2. Model-Free Q-Factors
To avoid the model requirement (expected value calculation), we can approximate Q-factors instead of Value functions.
The Trick
Reverse the order of Expectation and Minimization:
\[ \tilde{Q}_k(x_k, u_k, r_k) \approx E \left\{ g_k(x_k, u_k, w_k) + \min_{u} \tilde{Q}_{k+1}(x_{k+1}, u, r_{k+1}) \right\} \]Now, samples \( \beta_k^s \) can be obtained from a simulator without knowing the explicit model equations.
Online Control Simplification
No model or expected value needed online! Just minimize the learned Q-function.

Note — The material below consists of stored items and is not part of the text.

(* Let $d\in\{1,2,3\}$. There are constants $\lambda_*>0$ and $C<\infty$ depending only on $d$ such that for every $R>0$: (a) $0<\frac{R^p}{|x|^p}\big(V^\infty(R)-V^\lambda(R)\big)\le V^\infty(x)-V^\lambda(x)$ for all $|x|\ge R$ and $\lambda>0$; (b) $V^\infty(x)-V^\lambda(x)\le C\frac{R^p}{|x|^p}\big(V^\infty(R)-V^\lambda(R)\big)$ for all $|x|\ge R$ and $\lambda\ge\lambda_*/R^{4-d}$. (Here $V^\lambda(R)$ means the value of the radial function $V^\lambda$ at radius $R$.)
   Context: For $\lambda>0$, $V^\lambda$ denotes the unique solution (in the distributional sense) on $\mathbb R^d$ of $\frac12\Delta V^\lambda=\frac12(V^\lambda)^2-\lambda\delta_0$, $V^\lambda>0$; it is radial and $C^2$ off $0$. $V^\infty(x)=2(4-d)|x|^{-2}$, and $V^\lambda\uparrow V^\infty$ as $\lambda\to\infty$. $p=p(d)$ with $p(1)=3$, $p(2)=2\sqrt2$, $p(3)=\frac{1+\sqrt{17}}2$. *)

From Stdlib Require Import Reals Lra.
Open Scope R_scope.

Definition sphere_area (d : nat) : R :=
  match d with
  | 1%nat => 2
  | 2%nat => 2 * PI
  | 3%nat => 4 * PI
  | _ => 0
  end.

Definition p_exp (d : nat) : R :=
  match d with
  | 1%nat => 3
  | 2%nat => 2 * sqrt 2
  | 3%nat => (1 + sqrt 17) / 2
  | _ => 0
  end.

(* Radial profile of V^infty: V^infty(x) = 2(4-d)|x|^{-2}, r = |x|. *)
Definition Vinf (d : nat) (r : R) : R := 2 * (4 - INR d) / r ^ 2.

(* [IsVlam d lam v]: v : (0,oo) -> R is the radial profile of V^lam, i.e.
   V^lam(x) = v(|x|), where V^lam > 0 solves (1/2) Delta V = (1/2) V^2 - lam delta_0
   in the distributional sense on R^d.  For a positive radial function that is C^2
   off 0 this is equivalent to:
   - v > 0 on (0,oo);
   - v'' + (d-1)/r v' = v^2 on (0,oo)  (the equation off the origin);
   - the flux condition |S^{d-1}| r^{d-1} v'(r) -> -2 lam as r -> 0+
     (the Dirac mass at 0; finiteness of the limit is equivalent to
     local integrability of V^2 near 0). *)
Definition IsVlam (d : nat) (lam : R) (v : R -> R) : Prop :=
  (forall r, 0 < r -> 0 < v r) /\
  exists v' v'' : R -> R,
    (forall r, 0 < r -> derivable_pt_lim v r (v' r)) /\
    (forall r, 0 < r -> derivable_pt_lim v' r (v'' r)) /\
    (forall r, 0 < r -> v'' r + (INR d - 1) / r * v' r = (v r) ^ 2) /\
    (forall eps, 0 < eps -> exists delta, 0 < delta /\
       forall r, 0 < r < delta ->
         Rabs (sphere_area d * r ^ (d - 1) * v' r + 2 * lam) < eps).

(* Write [L_k f = f'' + (k/r) f'] with [k = d - 1]. A function [h] with [L_k h <= c h],
   [c > 0], has no negative interior minimum; the difference [u - v] of two solutions of
   [L_k v = v^2] is such a function with [c = u + v]. Since [V^infty] and the dilations
   [mu^2 V^lam0 (mu r)] are themselves solutions, comparing fluxes at [0] gives
   [V^lam <= V^infty] and [mu^2 V^lam0 (mu r) <= V^lam (r)] when [mu^(4-d) lam0 < lam].
   The gap [w = V^infty - V^lam] solves [L_k w = (2 V^infty - w) w], whose linearization
   [L_k w = 2 V^infty w] has the decaying solution [r^(-p)]: comparison with [w(R) (R/r)^p]
   gives (a). For (b), when [lam R^(4-d)] is large the dilation bound, applied to a
   reference solution [V^1] that comes within [9/10] of [V^infty] somewhere, gives
   [w <= V^infty / 10] beyond [R]; then [w = O(r^(-5/2))], and the barrier
   [w(R) (R/r)^p (2 - (R/r)^(1/2))] dominates [w]. *)

From Stdlib Require Import Reals Lra Lia Classical.
From Coquelicot Require Import Coquelicot.
Open Scope R_scope.

(** * A minimum principle for the radial operator *)

Definition radial_op (k : R) (f' f'' : R -> R) (r : R) : R := f'' r + k / r * f' r.

Definition supersolution_at (k : R) (c h h' h'' : R -> R) (r : R) : Prop :=
  0 < c r /\ radial_op k h' h'' r <= c r * h r.

Definition liminf_nonneg (h : R -> R) : Prop :=
  forall m, 0 < m -> exists b, forall r, b <= r -> - m < h r.

Lemma radial_op_sub k f' f'' g' g'' r :
  radial_op k (fun x => f' x - g' x) (fun x => f'' x - g'' x) r
  = radial_op k f' f'' r - radial_op k g' g'' r.
Proof. unfold radial_op. ring. Qed.
Lemma nneg_witnessD x1 x2 d1 d2 g :
  nneg lt (x1 + d1 *: g) -> nneg lt (x2 + d2 *: g) ->
  nneg lt ((x1 + x2) + (d1 + d2) *: g).
Proof. by move=> nn1 nn2; rewrite scalerDl addrACA; apply: nneg_add. Qed.

Lemma cut_pos0 : ~ cut_pos 0.
Proof. by case=> [][] /=; [move=> _ /(olt_irr ordG) | rewrite ltxx | rewrite ltxx]. Qed.

Lemma cut_posZ c u : 0 < c -> cut_pos u -> cut_pos (c *: u).
Proof.
case: u => x d c_gt0 /= [[/= -> lt0x]|[/= d_gt0 [p Pp nn_p]]|[/= d_lt0 [q nPq nn_q]]].
- by constructor 1; split => /=; [exact: mulr0 | apply: olt0_scale].
- constructor 2; split => /=; first by rewrite mulr_gt0.
  by exists p => //; rewrite -scalerA -scalerDr; apply: nneg_scale.
- constructor 3; split => /=; first by rewrite pmulr_rlt0.
  by exists q => //; rewrite -scalerA -scalerDr; apply: nneg_scale.
Qed.

Lemma cut_pos_total u : [\/ cut_pos u, u = 0 | cut_pos (- u)].
Proof.
case: u => x d; have -> : - (x, d) = (- x, - d) :> G * C^o by [].
set r := - (d^-1 *: x).
have root : d != 0 -> x + d *: r = 0.
  by move=> d_neq0; rewrite scalerN scalerA mulfV ?scale1r ?subrr.
have rootN : d != 0 -> - x + (- d) *: r = 0.
  by move=> /root; rewrite scaleNr -opprD => ->; rewrite oppr0.
case: (ltgtP d 0) => [d_lt0|d_gt0|->].
- have d_neq0 := ltr0_neq0 d_lt0; case: (classic (P r)) => Pr.
  + constructor 3; constructor 2; split => /=; first by rewrite oppr_gt0.
    by exists r => //; right; apply: rootN.
  + by constructor 1; constructor 3; split => //=; exists r => //; right; apply: root.
- have d_neq0 := lt0r_neq0 d_gt0; case: (classic (P r)) => Pr.
  + by constructor 1; constructor 2; split => //=; exists r => //; right; apply: root.
  + constructor 3; constructor 3; split => /=; first by rewrite oppr_lt0.
    by exists r => //; right; apply: rootN.
- case: (olt_total ordG 0 x) => [lt0x|<-|ltx0]; first by do 2 constructor 1.
  + by constructor 2.
  + constructor 3; constructor 1; split => /=; first by rewrite oppr0.
    by have := olt_oppr ordG ltx0; rewrite oppr0.
Qed.

Lemma cut_pos_addl x1 x2 d2 : lt 0 x1 -> cut_pos (x2, d2) -> cut_pos (x1 + x2, d2).
Proof.
move=> lt0x1 [[/= -> lt0x2]|[/= d_gt0 [p Pp nn_p]]|[/= d_lt0 [q nPq nn_q]]].
- by constructor 1; split => //=; apply: olt0_addr => //; left.
- constructor 2; split => //=; exists p => //.
  by rewrite -addrA; apply: nneg_add => //; left.
- constructor 3; split => //=; exists q => //.
  by rewrite -addrA; apply: nneg_add => //; left.
Qed.

Lemma cut_pos_addPQ x1 x2 d1 d2 p q : 0 < d1 -> P p -> nneg lt (x1 + d1 *: p) ->
  d2 < 0 -> ~ P q -> nneg lt (x2 + d2 *: q) -> cut_pos (x1 + x2, d1 + d2).
Proof.
(* Both witnesses can be moved to p or to q; at q the first becomes strict
   since p < q, which settles the case d1 + d2 = 0. *)
move=> d1_gt0 Pp nn_p d2_lt0 nPq nn_q.
have lt_pq : lt 0 (q - p) := (olt_subr ordG p q).1 (cut_lt Pp nPq).
have lt0_1q := olt0_shift d1_gt0 nn_p lt_pq.
have nn_2p := nneg_shiftN d2_lt0 nn_q (or_introl lt_pq).
case: (ltgtP (d1 + d2) 0) => [d_lt0|d_gt0|d_eq0].
- constructor 3; split => //=; exists q => //.
  by apply: nneg_witnessD nn_q; left.
- constructor 2; split => //=; exists p => //.
  exact: nneg_witnessD.
- constructor 1; split => //=.
  have -> : x1 + x2 = (x1 + d1 *: q) + (x2 + d2 *: q).
    by rewrite addrACA -scalerDl d_eq0 scale0r addr0.
  exact: olt0_addr.
Qed.

Lemma cut_posD u v : cut_pos u -> cut_pos v -> cut_pos (u + v).
Proof.
case: u => x1 d1; case: v => x2 d2.
change (cut_pos (x1, d1) -> cut_pos (x2, d2) -> cut_pos (x1 + x2, d1 + d2)).
move=> [[/= -> lt0x1]|[/= d1_gt0 [p1 Pp1 nn1]]|[/= d1_lt0 [q1 nPq1 nn1]]] pos2.
- by rewrite add0r; apply: cut_pos_addl.
- case: pos2 => [[/= -> lt0x2]|[/= d2_gt0 [p2 Pp2 nn2]]|[/= d2_lt0 [q2 nPq2 nn2]]].
  + rewrite addrC addr0; apply: cut_pos_addl => //.
    by constructor 2; split => //; exists p1.
  + constructor 2; split => /=; first exact: addr_gt0.
    case: (nneg_total ordG p1 p2) => [le12|le21].
    * by exists p2 => //; apply: nneg_witnessD (nneg_shift d1_gt0 nn1 le12) nn2.
    * by exists p1 => //; apply: nneg_witnessD nn1 (nneg_shift d2_gt0 nn2 le21).
  + exact: cut_pos_addPQ d1_gt0 Pp1 nn1 d2_lt0 nPq2 nn2.
- case: pos2 => [[/= -> lt0x2]|[/= d2_gt0 [p2 Pp2 nn2]]|[/= d2_lt0 [q2 nPq2 nn2]]].
  + rewrite addrC addr0; apply: cut_pos_addl => //.
    by constructor 3; split => //; exists q1.
  + by rewrite addrC (addrC d1); apply: cut_pos_addPQ d2_gt0 Pp2 nn2 d1_lt0 nPq1 nn1.
  + constructor 3; split => /=; first by rewrite ltr_nwDr // ltW.
    case: (nneg_total ordG q1 q2) => [le12|le21].
    * by exists q1 => //; apply: nneg_witnessD nn1 (nneg_shiftN d2_lt0 nn2 le12).
    * by exists q2 => //; apply: nneg_witnessD (nneg_shiftN d1_lt0 nn1 le21) nn2.
Qed.

Lemma cut_pos_base x : cut_pos (x, 0) <-> lt 0 x.
Proof.
split=> [|lt0x]; last by constructor 1.
by case=> [[]|[]|[]] //=; rewrite ltxx.
Qed.

End CutCone.

Definition adjoin_inj (C : realFieldType) (G : lmodType C) (x : G) : G * C^o := (x, 0).

Lemma adjoin_inj_linear (C : realFieldType) (G : lmodType C) : linear (@adjoin_inj C G).
Proof. by move=> a x y; congr (_, _); rewrite /= ?mulr0 ?scaler0 ?addr0. Qed.

HB.instance Definition _ (C : realFieldType) (G : lmodType C) :=
  GRing.isLinear.Build C G (G * C^o)%type *:%R (@adjoin_inj C G) (@adjoin_inj_linear C G).

Definition adjoin_gen (C : realFieldType) (G : lmodType C) : (G * C^o)%type := (0, 1).
Arguments adjoin_gen {C G}.

Section EvalAt.
Variables (C : realFieldType) (G Gs : lmodType C) (fs : {linear G -> Gs}) (bs : Gs).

3. The Danger of Disproportionate Terms
Should we approximate \( Q(x, u) \) directly, or the difference \( Q(x, u) - Q(x, u') \)?
Example: Small Time Steps
Consider a discretized system with small \( \delta \). The Q-factor often looks like:
\[ Q(x, u) = \underbrace{V(x)}_{\text{Huge}} + \underbrace{\delta \cdot \text{Advantage}(x, u)}_{\text{Tiny}} \]If we approximate \( Q(x, u) \) directly, the neural network will focus on fitting the huge \( V(x) \) term and effectively ignore the tiny term that actually determines the optimal control. The policy improvement information is "lost".
The Remedy: Baselines
Subtract a state-dependent constant (baseline) from the Q-factors to remove the huge term.
- Differential Training: Learn \( D(x, x') = J(x) - J(x') \).
- Advantage Updating: Learn \( A(x, u) = Q(x, u) - \min_{u'} Q(x, u') \).